Lauren McKee is an Associate Professor of Political Science and Asian Studies at Berea College in Berea, KY, where she teaches classes on comparative and East Asian politics. She first joined the faculty of Berea in 2014 as an ASIANetwork-Luce Foundation Postdoctoral Teaching Fellow after receiving a Ph.D. in International Studies from Old Dominion University. Dr. McKee regularly works with the National Consortium for Teaching About Asia, has published in the Association for Asian Studies’ journal Education About Asia, and is currently working on a volume for the AAS series Key Issues in Asian Studies on Japanese politics and government. In addition to pedagogy, Dr. McKee’s research interests are energy policy and security, especially nuclear energy policy in the United States and Japan
Cindi SturtzSreetharan teaches in the Anthropology and Global Health programs the Arizona State University School of Human Evolution and Social Change. She joined ASU in 2015, after teaching for 12 years at CSU Sacramento.

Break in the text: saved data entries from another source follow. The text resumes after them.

(* Suppose a graph $G$ has nonadjacent simplicial vertices $u$ and $v$ with $N(u)\cap N(v)\neq\emptyset$, and there exist distinct vertices $x\in N(u)$ and $y\in N(v)$ that are nonadjacent. Then $G$ is not well-bicovered.
   Context: All graphs are finite and simple; ''subgraph'' means induced subgraph. $N(w)$ is the open neighborhood of $w$. A vertex is simplicial if its neighborhood induces a complete graph. A graph is well-bicovered if every vertex-inclusion-maximal induced bipartite subgraph has the same order. *)

From mathcomp Require Import all_boot.
Set Implicit Arguments. Unset Strict Implicit. Unset Printing Implicit Defensive.

Definition simple_graph (T : finType) (e : rel T) : Prop :=
  symmetric e /\ irreflexive e.

Definition nbhd (T : finType) (e : rel T) (w : T) : {set T} := [set x | e w x].

Definition simplicial (T : finType) (e : rel T) (w : T) : Prop :=
  forall x y, x \in nbhd e w -> y \in nbhd e w -> x != y -> e x y.

Definition independent (T : finType) (e : rel T) (A : {set T}) : Prop :=
  forall x y, x \in A -> y \in A -> ~~ e x y.

Definition induces_bipartite (T : finType) (e : rel T) (S : {set T}) : Prop :=
  exists A B : {set T}, [/\ A :|: B = S, [disjoint A & B],
                           independent e A & independent e B].

Definition maximal_bipartite (T : finType) (e : rel T) (S : {set T}) : Prop :=
  induces_bipartite e S /\
  forall S' : {set T}, S \proper S' -> ~ induces_bipartite e S'.

Definition well_bicovered (T : finType) (e : rel T) : Prop :=
  forall S1 S2 : {set T}, maximal_bipartite e S1 -> maximal_bipartite e S2 ->
    #|S1| = #|S2|.

From mathcomp Require Import all_boot.
From mathcomp Require Import boolp.

(* Let [w] be a common neighbour of [u] and [v].  Since [v] is simplicial and [x]
   is not adjacent to [y] in N(v), [x] is not in N(v), so [x <> w]; as [u] is
   simplicial, [w] is adjacent to [x], and likewise to [y].  Extend the path
   [x w y] to a maximal induced bipartite subgraph [S].  In any bipartition of
   [S], [x] and [y] lie opposite [w], so [u] and [v] (adjacent to [w] and to [x],
   resp. [y]) lie outside [S] and, being simplicial, have no neighbour on the
   side of [w] other than [w].  Replacing [w] by the nonadjacent pair [u], [v]
   gives a larger induced bipartite subgraph, which extends to a maximal one of
   order greater than [#|S|]. *)

Set Implicit Arguments.
Unset Strict Implicit.
Unset Printing Implicit Defensive.

Lemma maximal_superset_exists (T : finType) (P : {set T} -> Prop) (S0 : {set T}) :
  P S0 ->
  exists2 S : {set T}, S0 \subset S & P S /\ forall S' : {set T}, S \proper S' -> ~ P S'.
Proof.
move=> /asboolT PS0.
have [S /maxsetP[PS maxS] sub] := @maxset_exists T (fun S => `[< P S >]) S0 PS0.
exists S => //; split=> [|S' ltSS' PS']; first exact/asboolP.
have eqS'S := maxS S' (asboolT PS') (proper_sub ltSS').
by move: (proper_neq ltSS'); rewrite eqS'S eqxx.
Qed.

Section Bipartite.

Variables (T : finType) (e : rel T).
Hypotheses (e_sym : symmetric e) (e_irr : irreflexive e).

Lemma in_nbhd (w x : T) : (x \in nbhd e w) = e w x.
Proof. by rewrite inE. Qed.

Lemma simplicial_edge (u x y : T) :
  simplicial e u -> e u x -> e u y -> x != y -> e x y.
Proof. by move=> su ux uy; apply: su; rewrite in_nbhd. Qed.

Lemma simplicial_nbhd_independent (A : {set T}) (u w z : T) :
  simplicial e u -> independent e A -> w \in A -> z \in A -> e u w -> e u z ->
  z = w.
Proof.
move=> su iA wA zA uw uz; apply/eqP; apply: contraNT (iA _ _ wA zA) => zw.
by apply: simplicial_edge su uw uz _; rewrite eq_sym.
Qed.

Lemma independentS (A B : {set T}) :
  A \subset B -> independent e B -> independent e A.
Proof. by move=> sAB iB x y xA yA; apply: iB; apply: (subsetP sAB). Qed.

Lemma independentU1 (u : T) (A : {set T}) :
  (forall z, z \in A -> ~~ e u z) -> independent e A -> independent e (u |: A).
Proof.
move=> nuA iA x y /setU1P[->|xA] /setU1P[->|yA]; rewrite ?e_irr ?nuA //.
  by rewrite e_sym nuA.
exact: iA.
Qed.

Lemma induces_bipartite_side (S : {set T}) (w : T) :
  induces_bipartite e S -> w \in S ->
  exists A B : {set T}, [/\ A :|: B = S, [disjoint A & B],
                           independent e A, independent e B & w \in A].
Proof.
move=> [A [B [AB dAB iA iB]]]; rewrite -AB => /setUP[wA|wB].
  by exists A, B.
by exists B, A; rewrite setUC disjoint_sym.
Qed.

Lemma induces_bipartite_swap (A B : {set T}) (u v w : T) :
  simplicial e u -> simplicial e v -> ~~ e u v -> e u w -> e v w ->
  [disjoint A & B] -> independent e A -> independent e B ->
  w \in A -> u \notin B -> v \notin B ->
  induces_bipartite e (u |: (v |: ((A :|: B) :\ w))).
Proof.
move=> su sv nuv uw vw dAB iA iB wA uB vB.
have wB : w \notin B by rewrite (disjointFr dAB wA).
have nbA z : z \in A :\ w -> ~~ e u z /\ ~~ e v z.
  case/setD1P=> zw zA; split; apply: contra zw => ez; apply/eqP.
    exact: simplicial_nbhd_independent su iA wA zA uw ez.
  exact: simplicial_nbhd_independent sv iA wA zA vw ez.
exists (u |: (v |: (A :\ w))), B; split.
- have BDw : B :\ w = B by apply/setDidPl; rewrite disjoint_sym disjoints1.
  by rewrite setDUl BDw !setUA.
- rewrite disjoints_subset !subUset !sub1set !inE uB vB -disjoints_subset.
  exact: disjointWl (subD1set A w) dAB.
- apply: independentU1; last first.
    apply: independentU1 => [z /nbA[]//|].
    exact: independentS (subD1set A w) iA.
  by move=> z /setU1P[->|/nbA[]//].
- exact: iB.
Qed.

End Bipartite.

Lemma well_bicovered_card (T : finType) (e : rel T) (S S' : {set T}) :
  well_bicovered e -> maximal_bipartite e S -> induces_bipartite e S' ->
  #|S'| <= #|S|.
Proof.
move=> wb maxS bS'; have [S2 subS'S2 maxS2] := maximal_superset_exists bS'.
by rewrite (wb S S2 maxS maxS2) subset_leq_card.
Qed.

Section SimplicialPair.

Variables (T : finType) (e : rel T).
Hypotheses (e_sym : symmetric e) (e_irr : irreflexive e).
Variables (u v w x y : T).
Hypotheses (su : simplicial e u) (sv : simplicial e v).
Hypotheses (uv : u != v) (nuv : ~~ e u v).
Hypotheses (uw : e u w) (vw : e v w) (ux : e u x) (vy : e v y).
Hypotheses (wx : e w x) (wy : e w y).

Lemma induces_bipartite_augment (S : {set T}) :
  induces_bipartite e S -> w \in S -> x \in S -> y \in S ->
  exists2 S' : {set T}, induces_bipartite e S' & #|S| < #|S'|.
Proof.
move=> bS wS xS yS; have [A [B [AB dAB iA iB wA]]] := induces_bipartite_side bS wS.
have opposite_w z : z \in S -> e w z -> z \in B.
  by rewrite -AB => /setUP[zA wz|//]; move: (iA _ _ wA zA); rewrite wz.
have outside_S z t : e z w -> e z t -> t \in B -> (z \in B = false) /\ (z \in S = false).
  move=> zw zt tB; have zB : z \in B = false.
    by apply/negP => zB; move: (iB _ _ zB tB); rewrite zt.
  split=> //; rewrite -AB inE zB orbF; apply/negP => zA.
  by move: (iA _ _ zA wA); rewrite zw.
have [uB uS] := outside_S u x uw ux (opposite_w x xS wx).
have [vB vS] := outside_S v y vw vy (opposite_w y yS wy).
exists (u |: (v |: (S :\ w))).
  by rewrite -AB; apply: induces_bipartite_swap; rewrite ?uB ?vB.
by rewrite !cardsU1 !inE (negbTE uv) uS vS !andbF (cardsD1 w S) wS.
Qed.

End SimplicialPair.

Unset Implicit Arguments.

Theorem mainTheorem16 (T : finType) (e : rel T) :
  simple_graph e ->
  forall u v : T,
    simplicial e u -> simplicial e v -> u != v -> ~~ e u v ->
    nbhd e u :&: nbhd e v != set0 ->
    (exists x y : T, [/\ x \in nbhd e u, y \in nbhd e v, x != y & ~~ e x y]) ->
    ~ well_bicovered e.
Proof.
move=> [e_sym e_irr] u v su sv uv nuv /set0Pn[w /setIP[]].
rewrite !in_nbhd => uw vw [x [y [+ + xy nxy]]] wb; rewrite !in_nbhd => ux vy.
have wx : w != x.
  by apply: contraNneq nxy => wx; apply: simplicial_edge sv _ vy xy; rewrite -wx.
have wy : w != y.
  by apply: contraNneq nxy => wy; apply: simplicial_edge su ux _ xy; rewrite -wy.
have bip_wxy : induces_bipartite e (w |: [set x; y]).
  exists [set w], [set x; y]; split => //.
  - by rewrite disjoints1 !inE negb_or wx wy.
  - by move=> a b /set1P-> /set1P->; rewrite e_irr.
  - by move=> a b /set2P[]-> /set2P[]->; rewrite ?e_irr // e_sym.
have [S /subsetP sub maxS] := maximal_superset_exists bip_wxy.
have [S' bS' ltSS'] := induces_bipartite_augment e_sym e_irr su sv uv nuv uw vw ux vy
  (simplicial_edge su uw ux wx) (simplicial_edge sv vw vy wy) maxS.1
  (sub w (setU11 w _)) (sub x (setU1r w (set21 x y))) (sub y (setU1r w (set22 x y))).
by have := well_bicovered_card wb maxS bS'; rewrite leqNgt ltSS'.
Qed.
(* Let $S$ be a semigroup and $p$ an ultrafilter on $S$. If $p$ is a regular strongly productive ultrafilter, then $p$ is idempotent.
   Context: For a sequence $\vec{x}=(x_n)_{n\in\omega}$ in $S$, $\mathrm{FP}(\vec{x})$ is the set of all products $\prod_{i\in a}x_i$ (in increasing order of indices), $a$ ranging over finite nonempty subsets of $\omega$, and $\mathrm{FP}_k(\vec{x})=\mathrm{FP}((x_{n+k})_{n\in\omega})$. An ultrafilter $p$ on $S$ is strongly productive if every $A\in p$ contains some $\mathrm{FP}(\vec{x})$ which belongs to $p$. A nonprincipal strongly productive ultrafilter $p$ is regular if there is $B\in p$ such that for every sequence $\vec{x}$ with $\mathrm{FP}(\vec{x})\subseteq B$, the set $x_0\mathrm{FP}_1(\vec{x})$ does not belong to $p$. An ultrafilter $p$ is idempotent if for every $A\in p$ the set $\{x\in S: x^{-1}A\in p\}$ belongs to $p$, where $x^{-1}A=\{y\in S: xy\in A\}$. *)

Set Implicit Arguments.
From Stdlib Require Import List Arith Sorted.
Import ListNotations.

Section Defs.
Variable S : Type.
Variable op : S -> S -> S.

Definition subset (A B : S -> Prop) : Prop := forall x, A x -> B x.

Definition ultrafilter (p : (S -> Prop) -> Prop) : Prop :=
  p (fun _ => True) /\
  ~ p (fun _ => False) /\
  (forall A B, p A -> subset A B -> p B) /\
  (forall A B, p A -> p B -> p (fun x => A x /\ B x)) /\
  (forall A, p A \/ p (fun x => ~ A x)).

Definition nonprincipal (p : (S -> Prop) -> Prop) : Prop :=
  forall a : S, ~ p (fun x => x = a).

Fixpoint prodl (x : nat -> S) (i : nat) (l : list nat) : S :=
  match l with
  | [] => x i
  | j :: l' => op (x i) (prodl x j l')
  end.

(* FP(x): products over finite nonempty subsets of omega, listed in
   strictly increasing order of indices *)
Definition FP (x : nat -> S) : S -> Prop :=
  fun y => exists (i : nat) (l : list nat),
    Sorted lt (i :: l) /\ y = prodl x i l.

Definition FPk (k : nat) (x : nat -> S) : S -> Prop :=
  FP (fun n => x (n + k)).

Definition strongly_productive (p : (S -> Prop) -> Prop) : Prop :=
  forall A, p A -> exists x : nat -> S, subset (FP x) A /\ p (FP x).

Definition regular (p : (S -> Prop) -> Prop) : Prop :=
  nonprincipal p /\ strongly_productive p /\
  exists B, p B /\
    forall x : nat -> S, subset (FP x) B ->
      ~ p (fun z => exists y, FPk 1 x y /\ z = op (x 0) y).

Definition idempotent (p : (S -> Prop) -> Prop) : Prop :=
  forall A, p A -> p (fun x => p (fun y => A (op x y))).
End Defs.
Arguments ultrafilter {S} p.
Arguments nonprincipal {S} p.

From Stdlib Require Import List Arith Sorted Lia.
Import ListNotations.
Set Implicit Arguments.

(* Let B witness regularity of p and let A be in p.  Strong productivity
   gives a sequence x with FP(x) in p and FP(x) contained in A and B.
   1. Every tail FP_k(x) also belongs to p.  Indeed, writing y for the
      k-th tail, FP(y) is the union of {y_0}, y_0 FP_1(y) and FP_1(y); the
      first part is not in p since p is nonprincipal, the second is not in
      p by regularity (FP(y) is contained in B), so FP_1(y) is in p.
   2. If a = x_i x_{j1} ... x_{jm} is in FP(x) and n exceeds all indices
      used, then a b is in FP(x) for every b in FP_n(x) (this uses
      associativity).  Hence FP_n(x) is contained in a^{-1}A, so a^{-1}A
      is in p for every a in FP(x), and {a | a^{-1}A in p} is in p.
   The file first develops the combinatorics of finite products (index
   shifts, the decomposition of FP(y), concatenation), then the
   ultrafilter argument of step 1, and finally the theorem. *)

Lemma Sorted_map_in (P : nat -> Prop) (R : nat -> nat -> Prop) f l :
  Forall P l -> (forall a b, P a -> P b -> R a b -> R (f a) (f b)) ->
  Sorted R l -> Sorted R (map f l).
Proof.
  intros HP Hmono. induction l as [|a l IH]; intros Hs; simpl; constructor.
  - apply Sorted_inv in Hs as [Hs _]. inversion HP; subst. auto.
  - apply Sorted_inv in Hs as [_ Hh]. destruct l as [|b l]; simpl; constructor.
    inversion Hh; subst. inversion HP as [|? ? Pa HP']; subst.
    inversion HP'; subst. auto.
Qed.

Lemma Sorted_lt_shift k l : Sorted lt l -> Sorted lt (map (fun n => n + k) l).
Proof.
  apply (Sorted_map_in (P := fun _ => True)); [apply Forall_forall; auto | intros; lia].
Qed.

Lemma Sorted_lt_head_le i l : Sorted lt (i :: l) -> Forall (fun n => i <= n) (i :: l).
Proof.
  intros Hs. apply Sorted_StronglySorted in Hs; [|intros ? ? ? ? ?; lia].
  apply StronglySorted_inv in Hs as [_ Hf]. constructor; [lia|].
  eapply Forall_impl; [|exact Hf]. simpl; intros; lia.
Qed.

Lemma Sorted_lt_app i l n j m :
  Sorted lt (i :: l) -> Forall (fun t => t <= n) (i :: l) ->
  n < j -> Sorted lt (j :: m) -> Sorted lt (i :: l ++ j :: m).
Proof.
  revert i; induction l as [|a l IH]; intros i Hs Hf Hn Hj; simpl.
  - constructor; auto. constructor. inversion Hf; lia.
  - apply Sorted_inv in Hs as [Hs Hh]. inversion Hh; subst. inversion Hf; subst.
    constructor; [apply IH; auto|]. constructor; auto.
Qed.

Section FiniteProducts.
Variable S : Type.
Variable op : S -> S -> S.
Hypothesis op_assoc : forall a b c : S, op a (op b c) = op (op a b) c.

Lemma prodl_ext (f g : nat -> S) i l : (forall n, f n = g n) ->
  prodl op f i l = prodl op g i l.
Proof. intros H; revert i; induction l; intros i; simpl; rewrite H; [|rewrite IHl]; auto. Qed.

Lemma FP_ext (f g : nat -> S) : (forall n, f n = g n) -> subset (FP op f) (FP op g).
Proof.
  intros H z [i [l [Hs ->]]]. exists i, l. split; auto. apply prodl_ext; auto.
Qed.

Lemma prodl_shift_up (x : nat -> S) k i l :
  prodl op (fun n => x (n + k)) i l = prodl op x (i + k) (map (fun n => n + k) l).
Proof. revert i; induction l; intros i; simpl; [|rewrite IHl]; auto. Qed.

Lemma prodl_shift_down (x : nat -> S) k i l : Forall (fun n => k <= n) (i :: l) ->
  prodl op (fun n => x (n + k)) (i - k) (map (fun n => n - k) l) = prodl op x i l.
Proof.
  revert i; induction l; intros i H; inversion H; subst; simpl.
  - f_equal; lia.
  - rewrite IHl by auto. replace (i - k + k) with i by lia. auto.
Qed.

Lemma FPk_sub_FP (x : nat -> S) k : subset (FPk op k x) (FP op x).
Proof.
  intros z [i [l [Hs ->]]]. exists (i + k), (map (fun n => n + k) l). split.
  - exact (Sorted_lt_shift k Hs).
  - apply prodl_shift_up.
Qed.

Lemma prodl_in_FPk (x : nat -> S) k i l : Sorted lt (i :: l) -> k <= i ->
  FPk op k x (prodl op x i l).
Proof.
  intros Hs Hk.
  assert (Hge : Forall (fun n => k <= n) (i :: l)).
  { eapply Forall_impl; [|exact (Sorted_lt_head_le Hs)]. simpl; intros; lia. }
  exists (i - k), (map (fun n => n - k) l). split.
  - apply (Sorted_map_in (fun n => n - k) (P := fun n => k <= n) (l := i :: l)); auto.
    intros; lia.
  - symmetry; apply prodl_shift_down; auto.
Qed.

Lemma FP_decomp (y : nat -> S) z : FP op y z ->
  z = y 0 \/ (exists w, FPk op 1 y w /\ z = op (y 0) w) \/ FPk op 1 y z.
Proof.
  intros [i [l [Hs ->]]]. destruct i as [|i].
  - destruct l as [|j l]; [left; reflexivity|]. right; left.
    exists (prodl op y j l). split; [|reflexivity].
    apply Sorted_inv in Hs as [Hs Hh]. inversion Hh; subst.
    apply prodl_in_FPk; auto.
  - right; right. apply prodl_in_FPk; auto. lia.
Qed.

Lemma prodl_app (x : nat -> S) i l j m :
  prodl op x i (l ++ j :: m) = op (prodl op x i l) (prodl op x j m).
Proof.
  revert i; induction l; intros i; simpl; auto.
  rewrite IHl, op_assoc; auto.
Qed.

(* Every a in FP(x) has a tail FP_n(x) with a FP_n(x) contained in FP(x):
   take n beyond all indices used by a and concatenate index lists.
   (The carrier is named S, so the successor is written Nat.succ.) *)
Lemma FP_left_mult_tail (x : nat -> S) a : FP op x a ->
  exists n, subset (FPk op n x) (fun b => FP op x (op a b)).
Proof.
  intros [i [l [Hs ->]]]. set (n := list_max (i :: l)).
  exists (Nat.succ n). intros b [j [m [Hs2 ->]]].
  rewrite prodl_shift_up, <- prodl_app.
  exists i, (l ++ (j + Nat.succ n) :: map (fun t => t + Nat.succ n) m). split; auto.
  apply Sorted_lt_app with (n := n); auto.
  - apply list_max_le. apply Nat.le_refl.
  - apply Nat.lt_lt_add_l, Nat.lt_succ_diag_r.
  - apply (Sorted_lt_shift (Nat.succ n) Hs2).
Qed.
End FiniteProducts.

Lemma ultrafilter_cover3 (S : Type) (p : (S -> Prop) -> Prop) (A B C D : S -> Prop) :
  ultrafilter p -> p D -> ~ p A -> ~ p B ->
  subset D (fun z => A z \/ B z \/ C z) -> p C.
Proof.
  intros [_ [_ [Hup [Hint Hmax]]]] HD HA HB Hcov.
  destruct (Hmax A) as [|HnA]; [contradiction|].
  destruct (Hmax B) as [|HnB]; [contradiction|].
  eapply Hup; [exact (Hint _ _ (Hint _ _ HD HnA) HnB)|].
  intros z [[Hz HzA] HzB]. destruct (Hcov z Hz) as [|[|]]; tauto.
Qed.

Section RegularTails.
Variable S : Type.
Variable op : S -> S -> S.
Variable p : (S -> Prop) -> Prop.
Hypothesis Hultra : ultrafilter p.
Hypothesis Hnonprincipal : nonprincipal p.
Variable B : S -> Prop.
Hypothesis HBregular : forall x : nat -> S, subset (FP op x) B ->
  ~ p (fun z => exists y, FPk op 1 x y /\ z = op (x 0) y).

Lemma regular_tail_step (y : nat -> S) :
  subset (FP op y) B -> p (FP op y) -> p (FPk op 1 y).
Proof.
  intros HyB Hy.
  apply (ultrafilter_cover3 _ _ (FPk op 1 y) Hultra Hy (Hnonprincipal (a := y 0)) (HBregular HyB)).
  intros z Hz. exact (FP_decomp Hz).
Qed.

Lemma regular_tails (x : nat -> S) :
  subset (FP op x) B -> p (FP op x) -> forall k, p (FPk op k x).
Proof.
  destruct Hultra as [_ [_ [Hup _]]].
  intros HxB Hx k. induction k as [|k IH].
  - eapply Hup; [exact Hx|]. apply FP_ext. intros; f_equal; lia.
  - assert (HyB : subset (FPk op k x) B).
    { intros z Hz. exact (HxB z (FPk_sub_FP Hz)). }
    eapply Hup; [exact (regular_tail_step HyB IH)|].
    apply FP_ext. intros; f_equal; lia.
Qed.
End RegularTails.

Theorem mainTheorem3 (S : Type) (op : S -> S -> S)
  (op_assoc : forall a b c : S, op a (op b c) = op (op a b) c)
  (p : (S -> Prop) -> Prop)
  (Hultra : ultrafilter p)
  (Hreg : regular op p) :
  idempotent op p.
Proof.
  destruct Hreg as [Hnp [Hsp [B [HB HBreg]]]].
  pose proof Hultra as [_ [_ [Hup [Hint _]]]].
  intros A HA.
  destruct (Hsp (fun z => A z /\ B z) (Hint _ _ HA HB)) as [x [HxAB Hx]].
  assert (Htails : forall k, p (FPk op k x)).
  { apply (regular_tails Hultra Hnp HBreg); auto.
    intros z Hz. apply (HxAB z Hz). }
  (* every a in FP(x) satisfies a^{-1}A in p, witnessed by a tail of x *)
  eapply Hup; [exact Hx|]. intros a Ha.
  destruct (FP_left_mult_tail op_assoc Ha) as [n Hn].
  eapply Hup; [exact (Htails n)|].
  intros b Hb. apply (HxAB _ (Hn b Hb)).
Qed.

She has received funding from the National Science Foundation, KCCJEE, Japan Society for the Promotion of Science, the Japan Foundation, and the Abe Fellowship (Social Science Research Council) for her work on issues relating to Japanese language, gender, and weight stigma. Dr. SturtzSreetharan works at the intersection of everyday language practices, weight, and stigma. She recently published a team-based ethnography Fat in Four Cultures (University of Toronto Press), a comparative project that reveals the shared struggles and local distinctions of how people in Japan, the United States, Samoa, and Paraguay are coping with and managing anti-fat messages from public leaders and peers. Currently, Dr. SturtzSreetharan is working to understand the ways that everyday language practices contribute to felt weight stigma. Dr. SturtzSreetharan received her PhD in linguistic anthropology (言語人類学) from UC Davis.